Materials and Methods

Cell culture

NCCIT cells were grown in high-glucose DMEM supplemented with 10% FCS (Biochrom, Berlin/Germany), 2 mM glutamine, and penicillin/streptomycin on conventional tissue culture dishes.

Chromatin immunoprecipitation

Human NCCIT cells were grown to a final count of 5×107–108 cells for each Immunoprecipitation. Cells were chemically crosslinked by the addition of one-tenth volume of fresh 11% formaldehyde solution for 10 minutes at room temperature. Cells were rinsed twice with 1×PBS and harvested using a silicon scraper and flash frozen in liquid nitrogen and stored at −80°C prior to use. Cells were resuspended, subjected to lysis buffers, and sonicated to solubilize and shear crosslinked DNA. Sonication conditions vary depending on cells, culture conditions, crosslinking, and equipment. We used a BRANSON 250 and sonicated at power 3 for 11:00 min with 30% Duty Cycle at 4°C while samples were immersed in an ice bath. The resulting whole-cell extract (WCE) was incubated overnight at 4°C with 100 µl of Dynal Protein G magnetic beads that had been pre-incubated with either 10 µg of OCT4 antibody or a non-specific control antibody (normal goat IgG, sc-2028).
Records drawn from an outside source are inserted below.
(* Let $G$ be a chordal graph and $(T,\mathcal{S})$ a subtree model of $G$. Let $C,C',C''$ be three distinct maximal cliques of $G$. If the clique subtree $S_T(C')$ intersects the connecting path $p(S_T(C),S_T(C''))$, then $C'$ is a separator in $G$ (i.e. some two vertices of $G-C'$ lie in different connected components of $G-C'$).
   Context: A subtree model of a graph $G$ is a pair $(T,\mathcal{S})$ where $T$ is a tree and $\mathcal{S}=\{S_v \mid v\in V(G)\}$ is a family of connected subtrees of $T$ such that for any two distinct vertices $u,v$, $S_u\cap S_v\neq\emptyset$ iff $uv\in E(G)$. For a maximal clique $C$ of $G$, the clique subtree is $S_T(C)=\bigcap_{v\in C}S_v$; by the Helly property it is nonempty, and clique subtrees of distinct maximal cliques are disjoint. For two disjoint subtrees $S,S'$ of $T$, the connecting path $p(S,S')$ is the minimal subgraph $P$ of $T$ (a path) such that $S\cup S'\cup P$ is connected; it contains exactly one node of $S$ and one node of $S'$. *)

From mathcomp Require Import all_boot.
Set Implicit Arguments. Unset Strict Implicit. Unset Printing Implicit Defensive.

Definition simple_graph (V : finType) (g : rel V) : Prop :=
  symmetric g /\ irreflexive g.

Definition chordal (V : finType) (g : rel V) : Prop :=
  forall s : seq V, uniq s -> 4 <= size s -> cycle g s ->
    exists x y, [/\ x \in s, y \in s, x != y, g x y
                 & (y != next s x) && (x != next s y)].

Definition is_tree (N : finType) (t : rel N) : Prop :=
  [/\ simple_graph t,
      (forall x y : N, connect t x y)
    & (forall s : seq N, uniq s -> 3 <= size s -> ~~ cycle t s)].

Definition restrict (T : finType) (e : rel T) (A : {set T}) : rel T :=
  [rel x y | [&& e x y, x \in A & y \in A]].

Definition subtree (N : finType) (t : rel N) (A : {set N}) : Prop :=
  A != set0 /\ {in A &, forall x y, connect (restrict t A) x y}.

Definition subtree_model (V N : finType) (g : rel V) (t : rel N)
    (S : V -> {set N}) : Prop :=
  [/\ is_tree t,
      (forall v, subtree t (S v))
    & (forall u v, u != v -> (S u :&: S v != set0) = g u v)].

Definition clique (V : finType) (g : rel V) (C : {set V}) : Prop :=
  {in C &, forall x y, x != y -> g x y}.

Definition maximal_clique (V : finType) (g : rel V) (C : {set V}) : Prop :=
  clique g C /\ (forall D : {set V}, clique g D -> C \subset D -> D = C).

Definition clique_subtree (V N : finType) (S : V -> {set N}) (C : {set V})
  : {set N} := \bigcap_(v in C) S v.

(* P is the node set of the connecting path p(A,B) of two subtrees:
   a simple path x :: p in t starting in A, ending in B, whose other
   nodes are outside A and B (so it has exactly one node of each). *)
Definition connecting_path (N : finType) (t : rel N) (A B P : {set N}) : Prop :=
  exists (x : N) (p : seq N),
    [/\ path t x p, uniq (x :: p), x \in A, last x p \in B
      & P = [set z in x :: p]] /\
    (forall z, z \in x :: p -> (z \in A -> z = x) /\ (z \in B -> z = last x p)).

Definition separator (V : finType) (g : rel V) (C : {set V}) : Prop :=
  exists u w, [/\ u \notin C, w \notin C & ~~ connect (restrict g (~: C)) u w].

From mathcomp Require Import all_boot.
Set Implicit Arguments. Unset Strict Implicit. Unset Printing Implicit Defensive.

(* Pick u in C \ C' and w in C'' \ C'.  If u and w were joined by a path
   avoiding C', the union of the subtrees S_v, v outside C', would be a
   connected part of T containing a node of S_T(C) (inside S_u) and the node
   of S_T(C'') (inside S_w).  In a tree every walk between two nodes passes
   through all nodes of the simple path between them, so that union would
   contain a node z of S_T(C') on the connecting path; then z lies in some S_v
   with v outside C', and v is adjacent to all of C', contradicting the
   maximality of C'. *)

Section Restrict.
Variables (T : finType) (e : rel T).

Lemma path_restrict (A : {set T}) x s :
  x \in A -> path (restrict e A) x s = path e x s && all (mem A) s.
Proof.
elim: s x => //= y s IH x xA.
case yA: (y \in A); last by rewrite /restrict /= yA !andbF.
by rewrite IH // /restrict /= xA yA !andbT andbA.
Qed.

Lemma connect_restrict_path (A : {set T}) x s :
  path e x s -> all (mem A) (x :: s) -> connect (restrict e A) x (last x s).
Proof.
move=> es /andP[xA sA]; apply/connectP; exists s => //.
by rewrite path_restrict // es.
Qed.

Lemma connect_restrictS (A B : {set T}) x y :
  A \subset B -> connect (restrict e A) x y -> connect (restrict e B) x y.
Proof.
move=> sAB /connectP[s es ->]; apply/connectP; exists s => //.
apply: sub_path es => a b /and3P[eab aA bA].
by rewrite /restrict /= eab !(subsetP sAB).
Qed.

Lemma restrict_sym (A : {set T}) : symmetric e -> symmetric (restrict e A).
Proof. by move=> se a b; rewrite /restrict /= se; congr andb; apply: andbC. Qed.

Lemma all_setC1 (z : T) s : all (mem [set~ z]) s = (z \notin s).
Proof. by rewrite -has_pred1 -all_predC; apply: eq_all => a; rewrite /= in_setC1. Qed.

End Restrict.

Section Tree.
Variables (T : finType) (t : rel T).
Hypothesis t_sym : symmetric t.
Hypothesis t_acyclic : forall s : seq T, uniq s -> 3 <= size s -> ~~ cycle t s.

Lemma tree_cut_neighbours z y1 y2 :
  t z y1 -> t z y2 -> y1 != y2 -> ~~ connect (restrict t [set~ z]) y1 y2.
Proof.
(* A shortest path from y1 to y2 avoiding z closes up through z into a cycle. *)
move=> zy1 zy2 y12; apply/negP => /connectP[r0 er0 lr0].
case: (shortenP er0) lr0 => {r0 er0} -[|a r] er ur _ lr; first by rewrite lr eqxx in y12.
have y1z : y1 \in [set~ z] by case/andP: er => /and3P[].
move: er; rewrite path_restrict // all_setC1 => /andP[tr zr].
have uz : uniq (z :: y1 :: a :: r).
  by rewrite cons_uniq ur inE negb_or zr eq_sym -in_setC1 y1z.
have cyc : cycle t (z :: y1 :: a :: r).
  by rewrite /cycle rcons_path last_cons -lr t_sym zy2 andbT
    -[path t z _]/(t z y1 && path t y1 (a :: r)) zy1 tr.
by move: cyc; apply/negP/t_acyclic.
Qed.

Lemma mem_tree_walk x p q z :
  path t x p -> uniq (x :: p) -> path t x q -> last x q = last x p ->
  z \in x :: p -> z \in x :: q.
Proof.
move=> tp up tq lq; apply: contraLR => zq.
rewrite inE negb_or; have -> /= : z != x by apply: contraNneq zq => ->; rewrite mem_head.
apply/negP => /splitPr zp; case: zp tp up lq => p1 p2.
rewrite cat_path -cat_cons cat_uniq last_cat last_cons => /andP[tp1 /andP[ty1z tp2]].
case/and3P=> _ /hasPn disj /andP[zp2 _].
have zp1 : z \notin x :: p1 by apply: disj; rewrite mem_head.
case: p2 tp2 zp2 disj => [|y2 p3] /= tp2 zp2 disj lq.
  by move: (mem_last x q); rewrite lq (negbTE zq).
case/andP: tp2 => tzy2 tp3.
set E := restrict t [set~ z].
have E_sym : connect_sym E by apply/sym_connect_sym/restrict_sym.
have y1x : connect E (last x p1) x.
  by rewrite E_sym; apply: connect_restrict_path; rewrite ?all_setC1.
have xlq : connect E x (last x q) by apply: connect_restrict_path; rewrite ?all_setC1.
have lqy2 : connect E (last x q) y2.
  by rewrite E_sym lq; apply: connect_restrict_path; rewrite ?all_setC1.
have y12 : last x p1 != y2.
  by apply: contraNneq (disj y2 _) => [<-|]; [exact: mem_last | rewrite !inE eqxx orbT].
have zy1 : t z (last x p1) by rewrite t_sym.
case/negP: (tree_cut_neighbours zy1 tzy2 y12).
exact: connect_trans (connect_trans y1x xlq) lqy2.
Qed.
End Tree.

Section Cliques.
Variables (V : finType) (g : rel V).

Lemma maximal_clique_subsetN (C D : {set V}) :
  maximal_clique g C -> clique g D -> C != D -> ~~ (C \subset D).
Proof. by case=> _ maxC cD; apply: contraNN => /(maxC D cD)->. Qed.

Lemma maximal_clique_setU1 (C : {set V}) v :
  maximal_clique g C -> clique g (v |: C) -> v \in C.
Proof. by case=> _ maxC cvC; rewrite -(maxC _ cvC (subsetUr _ _)) setU11. Qed.

End Cliques.

Section SubtreeModel.
Variables (V N : finType) (g : rel V) (t : rel N) (S : V -> {set N}).
Hypothesis model : subtree_model g t S.

Lemma subtree_model_meet u v : g u v -> S u :&: S v != set0.
Proof.
have [_ subS modS] := model.
by have [-> _|uv] := eqVneq u v; [rewrite setIid; case: (subS v) | rewrite modS].
Qed.

Lemma clique_of_common_node (D : {set V}) z :
  (forall a, a \in D -> z \in S a) -> clique g D.
Proof.
have [_ _ modS] := model.
move=> zD a b aD bD ab; rewrite -modS //.
by apply/set0Pn; exists z; rewrite inE !zD.
Qed.

Lemma clique_subtree_meet_mem (C : {set V}) v z :
  maximal_clique g C -> z \in clique_subtree S C -> z \in S v -> v \in C.
Proof.
move=> maxC /bigcapP zC zv; apply: maximal_clique_setU1 maxC _.
by apply: (@clique_of_common_node _ z) => a /setU1P[->|/zC].
Qed.

Lemma connect_bigcup_subtrees (K : {set V}) u v x y :
  u \in K -> connect (restrict g K) u v -> x \in S u -> y \in S v ->
  connect (restrict t (\bigcup_(w in K) S w)) x y.
Proof.
have [_ subS _] := model.
have in_subtree w x' y' : w \in K -> x' \in S w -> y' \in S w ->
    connect (restrict t (\bigcup_(w in K) S w)) x' y'.
  by move=> wK xw yw; apply: connect_restrictS (bigcup_sup w wK) _; apply: (subS w).2.
move=> uK /connectP[s gs ->]; elim: s u x uK gs => [|w s IH] u x uK /=.
  by move=> _; apply: in_subtree.
case/andP=> /and3P[guw _ wK] gs xu ys.
have /set0Pn[m /setIP[mu mw]] := subtree_model_meet guw.
exact: connect_trans (in_subtree u x m uK xu mu) (IH w m wK gs mw ys).
Qed.

End SubtreeModel.

Theorem lemma4 (V N : finType) (g : rel V) (t : rel N) (S : V -> {set N})
    (C C' C'' : {set V}) (P : {set N}) :
  simple_graph g -> chordal g -> subtree_model g t S ->
  maximal_clique g C -> maximal_clique g C' -> maximal_clique g C'' ->
  C != C' -> C' != C'' -> C != C'' ->
  connecting_path t (clique_subtree S C) (clique_subtree S C'') P ->
  clique_subtree S C' :&: P != set0 ->
  separator g C'.
Proof.
move=> _ _ model maxC maxC' maxC'' CC' C'C'' _ [x [p [[tp up xC lC'' ->] _]]].
case/set0Pn=> z /setIP[zC']; rewrite inE => zp.
have [[[t_sym _] _ t_acyclic] _ _] := model.
have /subsetPn[u uC uC'] := maximal_clique_subsetN maxC maxC'.1 CC'.
have /subsetPn[w wC'' wC'] : ~~ (C'' \subset C').
  by apply: maximal_clique_subsetN maxC'' maxC'.1 _; rewrite eq_sym.
exists u, w; split=> //; apply/negP => uw.
have uK : u \in ~: C' by rewrite inE.
have xu : x \in S u by move/bigcapP: xC; apply.
have lw : last x p \in S w by move/bigcapP: lC''; apply.
have /connectP[q Uq lq] := connect_bigcup_subtrees model uK uw xu lw.
have xU := subsetP (bigcup_sup u uK) x xu.
move: Uq; rewrite path_restrict // => /andP[tq qU].
have /bigcupP[v vK zv] : z \in \bigcup_(v in ~: C') S v.
  have := mem_tree_walk t_sym t_acyclic tp up tq (esym lq) zp.
  by case/predU1P=> [->|/(allP qU)].
by move: vK; rewrite inE (clique_subtree_meet_mem model maxC' zC' zv).
Qed.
Beads were washed five times with RIPA buffer and once with TE containing 50 mM NaCl. Bound complexes were eluted from the beads by heating at 65°C with occasional vortexing, and crosslinking was reversed by overnight incubation at 65°C. Whole-cell extract DNA (reserved from the sonication step) was also treated for crosslink reversal. Immunoprecipitated DNA and whole-cell extract DNA were then purified by treatment with RNase A, proteinase K, multiple phenol:chloroform:isoamyl alcohol extractions and precipitation with ethanol. Purified DNA was amplified using a one-stage random PCR protocol [43].

Library preparation

Input and ChIP-Seq material was purified using QIAquick spin columns and buffer QG (Qiagen) according to the manufacturer's protocol. 200 µg of fragmented DNA were subjected to single end library preparation using the genomic DNA sample prep kit (#FC-102-1002, Illumina) according to the manufacturer's instructions with the following modifications. End repair was performed in the presence of 0,25 mM dNTPs Mix in a total volume of 100 µl, A-tailing was performed in a total volume of 50 µl. Adapters were ligated to the DNA fragments using 10 µl of ‘Adapter oligo mix’ and in a total reaction volume of 50 µl. Libraries were size selected on a 2% agarose gel for fragments of 150–250 bp. After size selection, PCR comprising of 17 amplification cycles was carried out following the instructions manual. Libraries were quantified on a Qubit fluorometer using the QuantIt dsHS Assay Kit (Invitrogen).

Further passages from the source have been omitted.